=== Begin Enclosure ===
Lemma der_frac_covers x s : covers x s -> der_frac x = \sum_(i <- s) der_hom (comp i x).
Proof.
case: (covers_supp x) => u1 h1 [u2 h2]; apply: eq_big_uniq_support => // i.
- by move=> hi; apply: h1; apply: contraNneq hi => ->; rewrite der_hom0.
- by move=> hi; apply: h2; apply: contraNneq hi => ->; rewrite der_hom0.
Qed.

Lemma der_frac_homog i u : homog comp i u -> der_frac u = der_hom u.
Proof. by move=> ui; rewrite (der_frac_covers (covers_homog ui)) big_seq1 ui. Qed.

Lemma der_frac_decomp x s : covers x s -> der_frac x = \sum_(i <- s) der_frac (comp i x).
Proof.
move=> xs; rewrite (der_frac_covers xs); apply: eq_bigr => i _.
by rewrite (der_frac_homog (homog_comp i x)).
Qed.

Lemma der_fracD x y : der_frac (x + y) = der_frac x + der_frac y.
Proof.
set s := undup (supp x ++ supp y).
have cov z : (forall i, comp i z != 0 -> i \in supp x ++ supp y) -> covers z s.
  by move=> hz; split=> [|i /hz]; rewrite ?undup_uniq ?mem_undup.
have [_ hx] := covers_supp x; have [_ hy] := covers_supp y.
have cx : covers x s by apply: cov => i /hx; rewrite mem_cat => ->.
have cy : covers y s by apply: cov => i /hy; rewrite mem_cat orbC => ->.
have cxy : covers (x + y) s.
  apply: cov => i; rewrite raddfD /= mem_cat.
  by have [/eqP->|/hx->//] := boolP (comp i x == 0); rewrite add0r => /hy ->; rewrite orbT.
rewrite (der_frac_covers cxy) (der_frac_covers cx) (der_frac_covers cy) -big_split.
by apply: eq_bigr => i _; rewrite raddfD /= (der_homD (homog_comp i x) (homog_comp i y)).
Qed.

Lemma der_frac_sum (I : Type) (r : seq I) (G : I -> B) :
  der_frac (\sum_(j <- r) G j) = \sum_(j <- r) der_frac (G j).
Proof.
elim: r => [|j r IH]; last by rewrite !big_cons der_fracD IH.
have h0 : homog comp 0 0 by rewrite /homog raddf0.
by rewrite !big_nil (der_frac_homog h0) der_hom0.
Qed.

Lemma der_fracM x y : der_frac (x * y) = der_frac x * y%:F + x%:F * der_frac y.
Proof.
have [s xs] := exists_covers x; have [t yt] := exists_covers y.
have -> : x * y = \sum_(i <- s) \sum_(j <- t) comp i x * comp j y.
  by rewrite {1}(comp_decomp xs) {1}(comp_decomp yt) mulr_suml; under eq_bigr do rewrite mulr_sumr.
have tofrac_decomp z r : covers z r -> z%:F = \sum_(i <- r) (comp i z)%:F.
  by move=> zr; rewrite {1}(comp_decomp zr) raddf_sum.
rewrite (tofrac_decomp _ _ xs) (tofrac_decomp _ _ yt).
rewrite (der_frac_decomp xs) (der_frac_decomp yt) der_frac_sum !mulr_suml -big_split.
apply: eq_bigr => i _; rewrite der_frac_sum !mulr_sumr -big_split; apply: eq_bigr => j _.
have xi := homog_comp i x; have yj := homog_comp j y.
by rewrite (der_frac_homog (homogM xi yj)) (der_homM xi yj) (der_frac_homog xi) (der_frac_homog yj).
Qed.

Lemma der_frac_veronese x : V x -> der_frac x = (delta x)%:F.
Proof.
move=> Vx; have [s xs] := exists_covers x.
rewrite (der_frac_covers xs) {2}(comp_decomp xs) (der_sum hV hdelta); last first.
  by move=> i; apply: veronese_comp.
rewrite raddf_sum /=; apply: eq_bigr => i _.
by rewrite der_hom_veronese //; apply: veronese_comp.
Qed.

Section Integrality.
Hypothesis hnoeth : noetherian_ring B.
Hypothesis hnorm : normal_domain B.
Hypothesis hdunit : (d%:R : B) \is a GRing.unit.
Hypothesis hX : forall P : B -> Prop, is_height1_prime P ->
  exists x, in_Xd comp d x /\ ~ P x.

Lemma in_ring_der_hom x : in_ring (x%:F ^+ d.-1 * der_hom x).
Proof.
have [->|x0] := eqVneq x 0; first by rewrite der_hom0 mulr0; exists 0; rewrite tofrac0.
exists ((d%:R)^-1 * delta (x ^+ d)).
have dVd : ((d%:R)^-1 : B)%:F * d%:R = 1.
  by rewrite -(tofrac1 B) -tofracMn -tofracM mulVr.
by rewrite tofracM -(der_homE x0) !mulrA dVd mul1r.
Qed.

Lemma in_ring_der_frac_pow x i n : homog comp i x ->
  in_ring (x%:F ^+ (n * d.-1) * der_frac (x ^+ n)).
Proof.
move=> xi; elim: n => [|n IH].
  have V1 : V 1 by case: hV.
  by rewrite expr0 der_frac_veronese // (der1 hV hdelta) tofrac0 mulr0; exists 0; rewrite tofrac0.
rewrite exprS der_fracM mulSn exprD (der_frac_homog xi).
set E := der_hom x; set En := der_frac _; set X := x%:F.
have -> : X ^+ d.-1 * X ^+ (n * d.-1) * (E * (x ^+ n)%:F + X * En) =
    (X ^+ d.-1 * E) * (X ^+ (n * d.-1) * (x ^+ n)%:F) +
    (X * X ^+ d.-1) * (X ^+ (n * d.-1) * En) by ring.
apply: in_ringD; apply: in_ringM => //; first exact: in_ring_der_hom.
  by rewrite /X -tofracXn -tofracM; apply: in_ring_tofrac.
by rewrite /X -tofracXn -tofracM; apply: in_ring_tofrac.
Qed.

Lemma in_ring_der_frac_homog u j : homog comp j u -> in_ring (der_frac u).
Proof.
move=> uj; apply: (krull_criterion hnoeth hnorm hX) => x [x0 [i [xi cop]]].
have [k dk] := coprimez_dvdz_addM j d_gt0 cop.
have Vuxk : V (u * x ^+ k).
  by apply: veronese_homog (homogM uj (homogX k xi)) _; rewrite mulrC.
have := der_frac_veronese Vuxk; rewrite der_fracM => uxkE.
exists (k * d.-1 + k)%N.
have -> : (x ^+ (k * d.-1 + k))%:F * der_frac u =
    (x ^+ (k * d.-1))%:F * (delta (u * x ^+ k))%:F -
    u%:F * (x%:F ^+ (k * d.-1) * der_frac (x ^+ k)).
  by rewrite -uxkE !tofracXn exprD; ring.
apply: in_ringB; apply: in_ringM; try exact: in_ring_tofrac.
exact: in_ring_der_frac_pow xi.
Qed.

Lemma in_ring_der_frac x : in_ring (der_frac x).
Proof.
have [s xs] := exists_covers x; rewrite (der_frac_decomp xs).
by apply: in_ring_sum => i; apply: in_ring_der_frac_homog (homog_comp i x).
Qed.

Definition der_ext x : B := epsilon (inhabits 0) (fun b => b%:F = der_frac x).

Lemma der_extE x : (der_ext x)%:F = der_frac x.
Proof.
apply: (epsilon_spec (inhabits 0) (fun b => b%:F = der_frac x)).
by case: (in_ring_der_frac x) => b ->; exists b.
Qed.

Lemma der_ext_derivation : is_derivation der_ext.
Proof.
by split=> x y; apply: tofrac_inj; rewrite ?tofracD ?tofracM !der_extE ?der_fracD ?der_fracM.
Qed.

Lemma der_ext_veronese x : V x -> der_ext x = delta x.
Proof. by move=> Vx; apply: tofrac_inj; rewrite der_extE der_frac_veronese. Qed.

Section Nilpotency.
Hypothesis hLN : locally_nilpotent_on V delta.
Let hD := derivation_on_setT der_ext_derivation.

Lemma der_ext_nilpotent_homog u i : homog comp i u -> exists n, iter n der_ext u = 0.
Proof.
move=> ui; have [->|u0] := eqVneq u 0; first by exists 0%N.
pose a := u ^+ d; pose y n := iter n der_ext u * u ^+ d.-1.
have Va : V a := veronese_powd ui.
have a0 : a != 0 by rewrite expf_neq0.
have dE2 : d.-2.+2 = d by case: (d) d_gt1 => [|[]].
have dE1 : d.-2.+1 = d.-1 by rewrite -dE2.
have rel n : V (y n) ->
    (a * y n.+1) *+ d = (a * delta (y n)) *+ d - (y n * delta a) *+ d.-1.
  move=> Vyn; rewrite -(der_ext_veronese Vyn) -(der_ext_veronese Va).
  have := derivation_pow_identity u (iter n der_ext u) d.-2 der_ext_derivation.
  by rewrite dE2 dE1 => idE; exact: idE.
have Vy n : V (y n).
  elim: n => [|n IH]; first by rewrite /y /= -exprS -dE.
  have : V ((a * y n.+1) *+ d).
    rewrite rel //; apply: (subringB hV); apply: (subringMn hV); apply: (subringM hV) => //;
      exact: (der_in hdelta).
  move/(veronese_cancel_mulrn hchar d_gt0) => Vay.
  by apply: (veronese_cancel_homog (homogX d ui) a0 Va); rewrite mulrC.
have [p0 fp0] := hLN (Vy 0%N).
have nil_y n : (n <= p0)%N -> iter (p0 - n) delta (y n) = 0.
  elim: n => [|n IH] np; first by rewrite subn0.
  apply: (iter_der_pred_eq0 hV hdelta hchar hLN d_gt0 Va a0 (Vy n) (Vy n.+1) _ (rel n (Vy n))).
  by rewrite subnSK // IH // ltnW.
exists p0; have /eqP := nil_y p0 (leqnn p0).
by rewrite subnn mulf_eq0 expf_eq0 (negbTE u0) andbF orbF => /eqP.
Qed.

Lemma der_ext_nilpotent : locally_nilpotent_on (fun=> True) der_ext.
Proof.
move=> x _; have [s xs] := exists_covers x; rewrite (comp_decomp xs).
elim: s {xs} => [|j s [n2 fn2]]; first by exists 0%N; rewrite big_nil.
have [n1 fn1] := der_ext_nilpotent_homog (homog_comp j x).
exists (n1 + n2)%N; rewrite big_cons (iter_derD hD) //.
rewrite (iter_der_eq0_le subring_setT hD fn1 (leq_addr _ _)).
by rewrite (iter_der_eq0_le subring_setT hD fn2 (leq_addl _ _)) addr0.
Qed.

End Nilpotency.
End Integrality.
End Extension.
End Veronese.
End GradedRing.

Theorem lemma3p9 (B : idomainType) (comp : int -> B -> B) (d : nat)
  (hgr : is_Zgrading comp) (hnoeth : noetherian_ring B) (hnorm : normal_domain B)
  (hchar : char0 B) (he : e_eq1 comp)
  (hd : (2 <= d)%N) (hdunit : (d%:R : B) \is a GRing.unit)
  (hX : forall P : B -> Prop, is_height1_prime P ->
          exists x, in_Xd comp d x /\ ~ P x)
  (delta : B -> B) (hdelta : is_derivation_on (in_veronese comp d) delta) :
  exists D : B -> B,
    [/\ is_derivation D,
        (forall x, in_veronese comp d x -> D x = delta x),
        (forall D' : B -> B, is_derivation D' ->
            (forall x, in_veronese comp d x -> D' x = delta x) -> forall x, D' x = D x) &
        (locally_nilpotent_on (in_veronese comp d) delta ->
            locally_nilpotent_on (fun _ => True) D)].
Proof.
have hD := der_ext_derivation hgr hchar hd hdelta hnoeth hnorm hdunit hX.
have extends := der_ext_veronese hgr hchar hd hdelta hnoeth hnorm hdunit hX.
exists (der_ext comp d delta); split=> //.
- move=> D' hD' D'_extends.
  apply: (derivation_eq_on_veronese hgr hchar (ltnW hd) hD' hD) => x Vx.
  by rewrite D'_extends // extends.
- by move=> hLN; apply: (der_ext_nilpotent hgr hchar hd hdelta hnoeth hnorm hdunit hX hLN).
Qed.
=== End Enclosure ===
The problem:
The required output is the stretch of entries above from the line containing "apply: (iter_der_pred_eq0 hV" through the line containing "Theorem lemma3p9 (B", reproduced exactly.

Result of the exercise:
  apply: (iter_der_pred_eq0 hV hdelta hchar hLN d_gt0 Va a0 (Vy n) (Vy n.+1) _ (rel n (Vy n))).
  by rewrite subnSK // IH // ltnW.
exists p0; have /eqP := nil_y p0 (leqnn p0).
by rewrite subnn mulf_eq0 expf_eq0 (negbTE u0) andbF orbF => /eqP.
Qed.

Lemma der_ext_nilpotent : locally_nilpotent_on (fun=> True) der_ext.
Proof.
move=> x _; have [s xs] := exists_covers x; rewrite (comp_decomp xs).
elim: s {xs} => [|j s [n2 fn2]]; first by exists 0%N; rewrite big_nil.
have [n1 fn1] := der_ext_nilpotent_homog (homog_comp j x).
exists (n1 + n2)%N; rewrite big_cons (iter_derD hD) //.
rewrite (iter_der_eq0_le subring_setT hD fn1 (leq_addr _ _)).
by rewrite (iter_der_eq0_le subring_setT hD fn2 (leq_addl _ _)) addr0.
Qed.

End Nilpotency.
End Integrality.
End Extension.
End Veronese.
End GradedRing.

Theorem lemma3p9 (B : idomainType) (comp : int -> B -> B) (d : nat)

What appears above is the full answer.